Which lines in the data contain the word "Lscal"? Please copy each of them.

----

Lemma zorn_preorder (T : Type) (t0 : T) (R : T -> T -> Prop) :
  (forall t, R t t) -> (forall r s t, R r s -> R s t -> R r t) ->
  (forall A : T -> Prop, (forall s t, A s -> A t -> R s t \/ R t s) ->
     exists t, forall s, A s -> R s t) ->
  exists t, forall s, R t s -> R s t.
Proof.
intros Hrefl Htrans Hchain.
destruct (classical_sets.ZL_preorder t0 (R := fun a b => boolp.asbool (R a b)))
  as [t Ht].
- intro a. apply boolp.asboolT. auto.
- intros a b c H1 H2. apply boolp.asboolT.
  apply boolp.asboolW in H1. apply boolp.asboolW in H2. eauto.
- intros A HA. destruct (Hchain A) as [t HAt].
  + intros s u Hs Hu.
    destruct (HA s u Hs Hu) as [H|H]; [left|right]; exact (boolp.asboolW H).
  + exists t. intros s Hs. apply boolp.asboolT. auto.
- exists t. intros s Hs. exact (boolp.asboolW (Ht s (boolp.asboolT Hs))).
Qed.

Notation "u ⊕ w" := (ns_add u w) (at level 50, left associativity).
Notation "a ⊙ u" := (ns_scal a u) (at level 40).
Notation nrm := ns_norm.

Section VectorSpace.
Context {X : NormedSpace}.

Lemma ns_add0l (x : X) : ns_zero ⊕ x = x.
Proof. rewrite ns_add_comm. apply ns_add_zero. Qed.

Lemma ns_add_eq_self (a b : X) : a ⊕ b = a -> b = ns_zero.
Proof.
intro H. rewrite <- (ns_add_opp _ a). rewrite <- H at 1.
rewrite (ns_add_comm _ a b), <- ns_add_assoc, ns_add_opp, ns_add_zero.
reflexivity.
Qed.

Lemma ns_scal0l (x : X) : 0 ⊙ x = ns_zero.
Proof.
apply (ns_add_eq_self (0 ⊙ x)). rewrite <- ns_scal_distr_r. f_equal. ring.
Qed.

Lemma ns_scal0r (r : R) : r ⊙ (@ns_zero X) = ns_zero.
Proof.
apply (ns_add_eq_self (r ⊙ ns_zero)).
rewrite <- ns_scal_distr_l, ns_add_zero. reflexivity.
Qed.

Lemma ns_opp_uniq (x y : X) : x ⊕ y = ns_zero -> y = ns_opp x.
Proof.
intro H. rewrite <- (ns_add_zero _ y), <- (ns_add_opp _ x), ns_add_assoc,
  (ns_add_comm _ y x), H, ns_add0l. reflexivity.
Qed.

Lemma ns_opp_scal (x : X) : ns_opp x = (-1) ⊙ x.
Proof.
symmetry. apply ns_opp_uniq. rewrite <- (ns_scal_one _ x) at 1.
rewrite <- ns_scal_distr_r. replace (1 + -1) with 0 by ring. apply ns_scal0l.
Qed.

Lemma ns_subrr (x : X) : x ⊕ (-1) ⊙ x = ns_zero.
Proof. rewrite <- ns_opp_scal. apply ns_add_opp. Qed.

Lemma ns_scalN1K (x : X) : (-1) ⊙ ((-1) ⊙ x) = x.
Proof. rewrite ns_scal_assoc. replace (-1 * -1) with 1 by ring. apply ns_scal_one. Qed.

Lemma ns_addACA (a b c d : X) : (a ⊕ b) ⊕ (c ⊕ d) = (a ⊕ c) ⊕ (b ⊕ d).
Proof.
rewrite !ns_add_assoc. f_equal. rewrite <- !ns_add_assoc. f_equal.
apply ns_add_comm.
Qed.

Lemma ns_add_scal_factor (w y : X) (t : R) :
  t <> 0 -> w ⊕ t ⊙ y = t ⊙ ((/ t) ⊙ w ⊕ y).
Proof.
intro Ht. rewrite ns_scal_distr_l, ns_scal_assoc, Rinv_r, ns_scal_one by exact Ht.
reflexivity.
Qed.

Lemma ns_norm0 : nrm (@ns_zero X) = 0.
Proof. rewrite <- (ns_scal0l ns_zero), ns_norm_scal, Rabs_R0. ring. Qed.

Lemma ns_norm_scalN1 (x : X) : nrm ((-1) ⊙ x) = nrm x.
Proof.
rewrite ns_norm_scal. replace (Rabs (-1)) with 1; [ring|].
rewrite Rabs_left; lra.
Qed.

Lemma ns_norm_ge0 (x : X) : 0 <= nrm x.
Proof.
pose proof (ns_norm_triangle _ x ((-1) ⊙ x)) as H.
rewrite ns_subrr, ns_norm0, ns_norm_scalN1 in H. lra.
Qed.

Lemma ns_decomp_uniq (W : X -> Prop) (y0 w1 w2 : X) (t1 t2 : R) :
  subspace X W -> ~ W y0 -> W w1 -> W w2 ->
  w1 ⊕ t1 ⊙ y0 = w2 ⊕ t2 ⊙ y0 -> w1 = w2 /\ t1 = t2.
Proof.
intros [_ [Hadd Hscal]] Hy H1 H2 E.
assert (E' : w1 ⊕ (-1) ⊙ w2 = (t2 + - t1) ⊙ y0).
{ apply (f_equal (fun z => z ⊕ ((-1) ⊙ w2 ⊕ (-t1) ⊙ y0))) in E.
  rewrite (ns_addACA w1), (ns_addACA w2), <- !ns_scal_distr_r, ns_subrr,
    ns_add0l in E.
  replace (t1 + - t1) with 0 in E by ring.
  rewrite ns_scal0l, ns_add_zero in E. exact E. }
destruct (Req_dec t1 t2) as [Et|Nt].
- split; [|exact Et]. subst t2. replace (t1 + - t1) with 0 in E' by ring.
  rewrite ns_scal0l in E'. apply ns_opp_uniq in E'. rewrite ns_opp_scal in E'.
  rewrite <- (ns_scalN1K w2), E', ns_scalN1K. reflexivity.
- exfalso. apply Hy. assert (Hd : t2 + - t1 <> 0) by lra.
  apply (f_equal (fun z => (/ (t2 + - t1)) ⊙ z)) in E'.
  rewrite ns_scal_assoc, Rinv_l, ns_scal_one in E' by exact Hd.
  rewrite <- E'. apply Hscal, Hadd; [exact H1|]. apply Hscal. exact H2.
Qed.

End VectorSpace.

Section Functionals.
Context {X : NormedSpace}.

Lemma subspace_whole : subspace X (whole X).
Proof. split; [exact I|split; intros; exact I]. Qed.

Lemma subspace_zero : subspace X (fun z => z = ns_zero).
Proof.
split; [reflexivity|split].
- intros u w -> ->. apply ns_add_zero.
- intros r w ->. apply ns_scal0r.
Qed.

Lemma linear_on0 (W : X -> Prop) (h : X -> R) :
  subspace X W -> linear_on X W h -> h ns_zero = 0.
Proof.
intros [H0 _] [_ Hscal]. rewrite <- (ns_scal0l ns_zero), Hscal by exact H0. ring.
Qed.

Lemma linear_on_whole_restrict (W : X -> Prop) (h : X -> R) :
  linear_on X (whole X) h -> linear_on X W h.
Proof.
intros [Hadd Hscal]. split; intros; [apply Hadd | apply Hscal]; exact I.
Qed.

Lemma linear_abs_le (g : X -> R) (c : R) :
  linear_on X (whole X) g -> (forall y, g y <= c * nrm y) ->
  forall y, Rabs (g y) <= c * nrm y.
Proof.
intros [_ Hscal] Hb y. pose proof (Hb ((-1) ⊙ y)) as H.
rewrite Hscal, ns_norm_scalN1 in H by exact I.
pose proof (Hb y). unfold Rabs. destruct (Rcase_abs (g y)); lra.
Qed.

Lemma dual_norm_ge0 (W : X -> Prop) (f : X -> R) (c : R) :
  subspace X W -> linear_on X W f -> dual_norm X W f c -> 0 <= c.
Proof.
intros HW Hf [Hub _]. pose proof HW as [H0 _].
replace 0 with (Rabs (f ns_zero)) by (rewrite (linear_on0 W f HW Hf); apply Rabs_R0).
apply Hub. exists ns_zero. rewrite ns_norm0. repeat split; auto; lra.
Qed.

Lemma dual_norm_abs_le (W : X -> Prop) (f : X -> R) (c : R) :
  subspace X W -> linear_on X W f -> dual_norm X W f c ->
  forall w, W w -> Rabs (f w) <= c * nrm w.
Proof.
intros HW Hf [Hub _] w Hw. pose proof HW as [_ [_ Hscal]]. pose proof Hf as [_ Lscal].
destruct (Req_dec (nrm w) 0) as [E|N].
- apply ns_norm_eq0 in E. subst w.
  rewrite (linear_on0 W f HW Hf), ns_norm0, Rabs_R0. lra.
- pose proof (ns_norm_ge0 w) as Nn.
  assert (Hinv : 0 < / nrm w) by (apply Rinv_0_lt_compat; lra).
  assert (Hu : Rabs (f ((/ nrm w) ⊙ w)) <= c).
  { apply Hub. exists ((/ nrm w) ⊙ w). repeat split; auto.
    rewrite ns_norm_scal, Rabs_pos_eq, Rinv_l by (auto; lra). lra. }
  rewrite Lscal, Rabs_mult, Rabs_pos_eq in Hu by (auto; lra).
  apply (Rmult_le_compat_l (nrm w)) in Hu; [|exact Nn].
  rewrite <- Rmult_assoc, Rinv_r, Rmult_1_l in Hu by exact N. lra.
Qed.

Lemma dual_norm_attained (W : X -> Prop) (f : X -> R) (c : R) (w0 : X) :
  (forall w, W w -> Rabs (f w) <= c * nrm w) ->
  W w0 -> nrm w0 <= 1 -> Rabs (f w0) = c -> dual_norm X W f c.
Proof.
intros Hb Hw0 Hn0 Hf0. split.
- intros r [w [Hw [Hn ->]]]. pose proof (Hb w Hw).
  pose proof (Rabs_pos (f w0)). pose proof (ns_norm_ge0 w).
  assert (c * nrm w <= c * 1) by (apply Rmult_le_compat_l; lra). lra.
- intros b Hb'. apply Hb'. exists w0. auto.
Qed.

Lemma dual_norm_extension (W W' : X -> Prop) (f g : X -> R) (c : R) :
  subspace X W -> linear_on X W f -> dual_norm X W f c ->
  (forall w, W w -> W' w /\ g w = f w) ->
  (forall y, W' y -> Rabs (g y) <= c * nrm y) -> dual_norm X W' g c.
Proof.
intros HW Hf Hdn Hext Hb. pose proof (dual_norm_ge0 W f c HW Hf Hdn) as Hc. split.
- intros r [y [Hy [Hn ->]]]. pose proof (Hb y Hy). pose proof (ns_norm_ge0 y).
  assert (c * nrm y <= c * 1) by (apply Rmult_le_compat_l; lra). lra.
- intros b Hub. apply (proj2 Hdn). intros r [w [Hw [Hn ->]]].
  destruct (Hext w Hw) as [Hw' <-]. apply Hub. exists w. auto.
Qed.

End Functionals.

Section OneStepExtension.
Context {X : NormedSpace} (W : X -> Prop) (h : X -> R) (y0 : X) (a : R).
Hypotheses (HW : subspace X W) (Hh : linear_on X W h) (Hy0 : ~ W y0).

Definition add_line (z : X) : Prop := exists w t, W w /\ z = w ⊕ t ⊙ y0.

(* Sends w + t y0 to h w + t a; the decomposition is unique since y0 is not in W. *)
Definition line_ext (z : X) : R :=
  let p := epsilon (inhabits (ns_zero, 0))
             (fun p : X * R => W (fst p) /\ z = fst p ⊕ snd p ⊙ y0) in
  h (fst p) + snd p * a.

Lemma line_ext_eq (w : X) (t : R) : W w -> line_ext (w ⊕ t ⊙ y0) = h w + t * a.
Proof.
intro Hw. unfold line_ext.
assert (Hex : exists p : X * R, W (fst p) /\ w ⊕ t ⊙ y0 = fst p ⊕ snd p ⊙ y0)
  by (exists (w, t); auto).
destruct (epsilon_spec (inhabits (ns_zero, 0)) _ Hex) as [Hp Ep].
destruct (ns_decomp_uniq W y0 w _ t _ HW Hy0 Hw Hp Ep) as [<- <-].
reflexivity.
Qed.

----

:: Answer to this task ::
intros HW Hf [Hub _] w Hw. pose proof HW as [_ [_ Hscal]]. pose proof Hf as [_ Lscal].
  rewrite Lscal, Rabs_mult, Rabs_pos_eq in Hu by (auto; lra).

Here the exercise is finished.